Stored data »

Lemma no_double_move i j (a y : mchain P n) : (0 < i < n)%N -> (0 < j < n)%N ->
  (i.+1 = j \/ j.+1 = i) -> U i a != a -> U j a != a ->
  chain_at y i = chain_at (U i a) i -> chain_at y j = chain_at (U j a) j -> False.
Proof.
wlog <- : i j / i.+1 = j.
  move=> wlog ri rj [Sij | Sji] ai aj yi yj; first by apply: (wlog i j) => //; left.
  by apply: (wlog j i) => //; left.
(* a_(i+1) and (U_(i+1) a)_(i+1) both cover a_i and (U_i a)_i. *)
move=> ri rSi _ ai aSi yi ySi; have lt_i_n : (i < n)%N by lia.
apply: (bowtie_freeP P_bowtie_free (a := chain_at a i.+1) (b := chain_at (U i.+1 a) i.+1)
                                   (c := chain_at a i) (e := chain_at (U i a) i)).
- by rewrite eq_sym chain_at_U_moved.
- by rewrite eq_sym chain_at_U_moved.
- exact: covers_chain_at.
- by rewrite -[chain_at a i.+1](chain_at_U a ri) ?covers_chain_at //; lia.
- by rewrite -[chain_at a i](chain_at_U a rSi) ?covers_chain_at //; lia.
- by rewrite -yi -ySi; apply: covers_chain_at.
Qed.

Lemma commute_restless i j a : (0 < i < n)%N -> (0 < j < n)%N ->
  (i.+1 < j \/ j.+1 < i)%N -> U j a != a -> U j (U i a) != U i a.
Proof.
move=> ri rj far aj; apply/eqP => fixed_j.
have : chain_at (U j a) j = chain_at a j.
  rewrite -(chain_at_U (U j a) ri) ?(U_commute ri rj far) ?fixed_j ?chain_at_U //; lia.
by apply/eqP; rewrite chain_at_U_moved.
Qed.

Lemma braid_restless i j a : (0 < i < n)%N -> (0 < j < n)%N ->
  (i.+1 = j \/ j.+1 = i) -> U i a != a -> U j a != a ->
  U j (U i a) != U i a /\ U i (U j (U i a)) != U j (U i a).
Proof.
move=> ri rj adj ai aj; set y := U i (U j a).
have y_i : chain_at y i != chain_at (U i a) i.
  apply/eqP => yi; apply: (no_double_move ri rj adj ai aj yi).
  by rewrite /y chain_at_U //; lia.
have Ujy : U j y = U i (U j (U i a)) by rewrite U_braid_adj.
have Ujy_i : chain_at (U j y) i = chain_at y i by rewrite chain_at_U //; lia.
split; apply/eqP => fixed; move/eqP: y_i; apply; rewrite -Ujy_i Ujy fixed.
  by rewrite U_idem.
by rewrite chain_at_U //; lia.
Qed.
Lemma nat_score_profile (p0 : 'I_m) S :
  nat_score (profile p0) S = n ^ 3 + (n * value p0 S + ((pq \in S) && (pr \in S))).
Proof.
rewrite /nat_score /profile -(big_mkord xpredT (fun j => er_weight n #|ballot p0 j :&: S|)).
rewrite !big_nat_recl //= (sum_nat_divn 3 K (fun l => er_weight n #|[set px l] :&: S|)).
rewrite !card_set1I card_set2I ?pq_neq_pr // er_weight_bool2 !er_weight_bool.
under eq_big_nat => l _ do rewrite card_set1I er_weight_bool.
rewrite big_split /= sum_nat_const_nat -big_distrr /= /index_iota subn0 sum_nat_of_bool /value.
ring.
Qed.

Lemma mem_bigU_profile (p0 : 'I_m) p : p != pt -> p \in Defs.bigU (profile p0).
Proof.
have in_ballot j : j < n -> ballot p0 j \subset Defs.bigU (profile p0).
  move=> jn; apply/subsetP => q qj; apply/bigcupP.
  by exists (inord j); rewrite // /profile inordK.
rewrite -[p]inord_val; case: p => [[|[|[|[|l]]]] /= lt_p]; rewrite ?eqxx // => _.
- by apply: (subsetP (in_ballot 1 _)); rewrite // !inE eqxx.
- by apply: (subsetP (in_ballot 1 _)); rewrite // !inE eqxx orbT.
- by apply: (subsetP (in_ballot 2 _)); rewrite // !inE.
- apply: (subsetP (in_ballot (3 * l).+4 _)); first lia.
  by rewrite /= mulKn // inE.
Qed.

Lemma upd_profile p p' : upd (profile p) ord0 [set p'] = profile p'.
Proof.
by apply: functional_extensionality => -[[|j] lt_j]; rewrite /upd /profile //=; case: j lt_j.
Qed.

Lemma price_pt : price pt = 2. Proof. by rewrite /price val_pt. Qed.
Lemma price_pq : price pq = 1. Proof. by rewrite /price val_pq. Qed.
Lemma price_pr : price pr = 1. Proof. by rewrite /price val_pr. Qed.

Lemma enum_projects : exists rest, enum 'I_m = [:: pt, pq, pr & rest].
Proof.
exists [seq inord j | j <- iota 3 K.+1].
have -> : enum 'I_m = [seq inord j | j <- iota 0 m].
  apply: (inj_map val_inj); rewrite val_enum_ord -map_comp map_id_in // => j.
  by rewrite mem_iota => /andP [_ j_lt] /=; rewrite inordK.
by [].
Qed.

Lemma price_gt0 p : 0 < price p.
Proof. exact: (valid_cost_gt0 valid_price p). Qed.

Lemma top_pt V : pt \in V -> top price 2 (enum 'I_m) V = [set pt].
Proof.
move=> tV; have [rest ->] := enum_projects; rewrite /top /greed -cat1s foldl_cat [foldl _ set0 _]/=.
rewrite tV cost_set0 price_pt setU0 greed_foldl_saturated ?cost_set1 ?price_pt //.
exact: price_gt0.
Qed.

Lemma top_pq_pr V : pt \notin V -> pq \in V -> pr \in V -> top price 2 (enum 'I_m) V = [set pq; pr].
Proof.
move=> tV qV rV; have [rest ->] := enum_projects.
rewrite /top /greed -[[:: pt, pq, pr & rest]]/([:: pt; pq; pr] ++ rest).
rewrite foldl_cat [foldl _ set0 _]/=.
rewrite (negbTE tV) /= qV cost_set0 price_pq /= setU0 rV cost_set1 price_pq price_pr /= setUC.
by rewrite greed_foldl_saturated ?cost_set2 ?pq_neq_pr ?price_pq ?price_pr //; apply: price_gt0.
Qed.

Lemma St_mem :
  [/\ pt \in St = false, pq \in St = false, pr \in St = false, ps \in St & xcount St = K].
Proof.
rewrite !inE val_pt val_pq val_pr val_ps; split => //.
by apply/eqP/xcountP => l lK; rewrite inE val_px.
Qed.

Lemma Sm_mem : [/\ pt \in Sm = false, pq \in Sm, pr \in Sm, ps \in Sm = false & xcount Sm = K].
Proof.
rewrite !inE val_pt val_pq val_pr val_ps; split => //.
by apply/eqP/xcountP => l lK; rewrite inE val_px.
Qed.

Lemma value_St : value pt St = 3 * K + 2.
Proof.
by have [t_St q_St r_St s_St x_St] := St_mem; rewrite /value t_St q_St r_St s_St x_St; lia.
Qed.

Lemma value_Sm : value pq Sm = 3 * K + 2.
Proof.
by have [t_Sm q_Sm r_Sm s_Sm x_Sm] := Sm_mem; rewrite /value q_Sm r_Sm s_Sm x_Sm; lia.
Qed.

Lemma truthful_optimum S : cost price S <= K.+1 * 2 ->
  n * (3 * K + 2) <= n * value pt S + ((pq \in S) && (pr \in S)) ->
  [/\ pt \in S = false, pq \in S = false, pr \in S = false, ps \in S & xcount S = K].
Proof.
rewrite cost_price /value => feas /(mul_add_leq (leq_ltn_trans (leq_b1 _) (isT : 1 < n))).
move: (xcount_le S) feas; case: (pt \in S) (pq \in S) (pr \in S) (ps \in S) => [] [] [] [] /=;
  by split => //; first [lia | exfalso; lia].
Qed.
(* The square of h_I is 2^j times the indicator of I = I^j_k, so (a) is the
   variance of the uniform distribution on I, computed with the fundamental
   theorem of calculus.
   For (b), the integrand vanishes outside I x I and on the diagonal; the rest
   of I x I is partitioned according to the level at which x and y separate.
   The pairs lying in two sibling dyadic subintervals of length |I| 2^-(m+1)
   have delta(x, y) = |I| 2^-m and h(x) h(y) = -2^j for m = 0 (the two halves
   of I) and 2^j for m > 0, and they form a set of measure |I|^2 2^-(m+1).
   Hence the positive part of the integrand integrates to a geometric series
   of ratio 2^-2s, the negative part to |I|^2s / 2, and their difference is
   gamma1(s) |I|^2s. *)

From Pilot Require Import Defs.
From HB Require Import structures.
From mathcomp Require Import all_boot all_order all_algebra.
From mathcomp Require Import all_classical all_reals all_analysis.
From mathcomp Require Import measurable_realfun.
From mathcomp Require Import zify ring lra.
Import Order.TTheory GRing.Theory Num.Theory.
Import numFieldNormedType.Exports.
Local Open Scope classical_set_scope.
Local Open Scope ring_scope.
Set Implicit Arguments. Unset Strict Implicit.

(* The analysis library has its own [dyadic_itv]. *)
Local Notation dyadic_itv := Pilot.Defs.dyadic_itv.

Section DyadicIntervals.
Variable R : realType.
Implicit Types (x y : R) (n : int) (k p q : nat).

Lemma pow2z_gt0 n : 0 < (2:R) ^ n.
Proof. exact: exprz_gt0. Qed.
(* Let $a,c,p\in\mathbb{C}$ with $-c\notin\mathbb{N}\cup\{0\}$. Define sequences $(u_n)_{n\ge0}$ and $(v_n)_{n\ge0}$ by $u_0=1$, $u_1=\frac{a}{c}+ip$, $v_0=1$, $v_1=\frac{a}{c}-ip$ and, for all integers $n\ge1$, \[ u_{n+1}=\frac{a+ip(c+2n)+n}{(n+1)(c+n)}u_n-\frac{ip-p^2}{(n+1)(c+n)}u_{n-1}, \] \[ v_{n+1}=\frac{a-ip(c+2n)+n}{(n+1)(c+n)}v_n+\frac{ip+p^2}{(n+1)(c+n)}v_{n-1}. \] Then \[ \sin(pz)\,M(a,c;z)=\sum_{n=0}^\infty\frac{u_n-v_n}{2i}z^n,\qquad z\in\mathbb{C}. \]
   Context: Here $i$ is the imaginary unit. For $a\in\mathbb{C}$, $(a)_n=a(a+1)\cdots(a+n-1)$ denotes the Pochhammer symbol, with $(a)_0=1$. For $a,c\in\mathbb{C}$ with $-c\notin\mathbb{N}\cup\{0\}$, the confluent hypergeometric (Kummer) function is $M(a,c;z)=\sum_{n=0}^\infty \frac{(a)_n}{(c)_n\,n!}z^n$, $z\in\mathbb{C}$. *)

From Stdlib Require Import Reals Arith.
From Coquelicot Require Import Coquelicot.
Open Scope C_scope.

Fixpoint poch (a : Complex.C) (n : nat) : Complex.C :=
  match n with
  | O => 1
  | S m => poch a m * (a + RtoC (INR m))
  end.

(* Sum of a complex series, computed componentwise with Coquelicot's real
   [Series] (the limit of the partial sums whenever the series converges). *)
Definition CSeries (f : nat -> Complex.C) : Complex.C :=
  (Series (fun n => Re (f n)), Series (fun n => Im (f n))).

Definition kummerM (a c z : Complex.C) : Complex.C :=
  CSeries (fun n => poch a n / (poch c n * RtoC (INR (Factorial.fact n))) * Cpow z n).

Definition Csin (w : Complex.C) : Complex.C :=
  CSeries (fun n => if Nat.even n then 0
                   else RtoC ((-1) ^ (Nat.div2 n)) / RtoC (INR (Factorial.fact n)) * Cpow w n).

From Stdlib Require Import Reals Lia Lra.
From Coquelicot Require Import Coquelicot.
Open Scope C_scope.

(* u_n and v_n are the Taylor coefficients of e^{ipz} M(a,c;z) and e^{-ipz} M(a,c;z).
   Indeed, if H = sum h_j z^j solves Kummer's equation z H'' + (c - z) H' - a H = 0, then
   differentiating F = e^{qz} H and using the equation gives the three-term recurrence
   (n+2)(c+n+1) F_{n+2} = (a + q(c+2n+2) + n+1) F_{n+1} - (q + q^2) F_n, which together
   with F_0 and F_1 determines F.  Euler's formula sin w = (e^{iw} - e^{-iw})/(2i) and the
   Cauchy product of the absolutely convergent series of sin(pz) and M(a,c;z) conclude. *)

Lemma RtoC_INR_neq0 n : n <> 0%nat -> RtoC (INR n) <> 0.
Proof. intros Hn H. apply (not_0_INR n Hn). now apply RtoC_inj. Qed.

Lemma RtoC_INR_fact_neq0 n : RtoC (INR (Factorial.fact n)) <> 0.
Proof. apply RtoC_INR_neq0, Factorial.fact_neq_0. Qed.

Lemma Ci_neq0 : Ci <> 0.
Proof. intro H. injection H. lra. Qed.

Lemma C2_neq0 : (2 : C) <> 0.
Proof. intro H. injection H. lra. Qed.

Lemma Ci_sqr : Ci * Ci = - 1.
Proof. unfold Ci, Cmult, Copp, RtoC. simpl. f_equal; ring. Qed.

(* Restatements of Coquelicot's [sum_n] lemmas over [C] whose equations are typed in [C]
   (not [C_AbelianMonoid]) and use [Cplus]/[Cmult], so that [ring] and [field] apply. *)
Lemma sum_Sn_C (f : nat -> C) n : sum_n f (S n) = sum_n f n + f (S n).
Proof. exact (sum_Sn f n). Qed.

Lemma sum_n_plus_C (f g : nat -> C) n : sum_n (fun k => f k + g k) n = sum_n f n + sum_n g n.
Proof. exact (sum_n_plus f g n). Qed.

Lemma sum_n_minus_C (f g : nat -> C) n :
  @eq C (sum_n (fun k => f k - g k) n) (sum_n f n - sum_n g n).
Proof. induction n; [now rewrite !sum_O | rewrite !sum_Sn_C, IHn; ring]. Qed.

Task description » Reproduce only the lines above, starting at the line with "by rewrite /= mulKn // inE." and ending at the line with "rewrite (negbTE tV)", exactly as written.

Written answer »
  by rewrite /= mulKn // inE.
Qed.

Lemma upd_profile p p' : upd (profile p) ord0 [set p'] = profile p'.
Proof.
by apply: functional_extensionality => -[[|j] lt_j]; rewrite /upd /profile //=; case: j lt_j.
Qed.

Lemma price_pt : price pt = 2. Proof. by rewrite /price val_pt. Qed.
Lemma price_pq : price pq = 1. Proof. by rewrite /price val_pq. Qed.
Lemma price_pr : price pr = 1. Proof. by rewrite /price val_pr. Qed.

Lemma enum_projects : exists rest, enum 'I_m = [:: pt, pq, pr & rest].
Proof.
exists [seq inord j | j <- iota 3 K.+1].
have -> : enum 'I_m = [seq inord j | j <- iota 0 m].
  apply: (inj_map val_inj); rewrite val_enum_ord -map_comp map_id_in // => j.
  by rewrite mem_iota => /andP [_ j_lt] /=; rewrite inordK.
by [].
Qed.

Lemma price_gt0 p : 0 < price p.
Proof. exact: (valid_cost_gt0 valid_price p). Qed.

Lemma top_pt V : pt \in V -> top price 2 (enum 'I_m) V = [set pt].
Proof.
move=> tV; have [rest ->] := enum_projects; rewrite /top /greed -cat1s foldl_cat [foldl _ set0 _]/=.
rewrite tV cost_set0 price_pt setU0 greed_foldl_saturated ?cost_set1 ?price_pt //.
exact: price_gt0.
Qed.

Lemma top_pq_pr V : pt \notin V -> pq \in V -> pr \in V -> top price 2 (enum 'I_m) V = [set pq; pr].
Proof.
move=> tV qV rV; have [rest ->] := enum_projects.
rewrite /top /greed -[[:: pt, pq, pr & rest]]/([:: pt; pq; pr] ++ rest).
rewrite foldl_cat [foldl _ set0 _]/=.
rewrite (negbTE tV) /= qV cost_set0 price_pq /= setU0 rV cost_set1 price_pq price_pr /= setUC.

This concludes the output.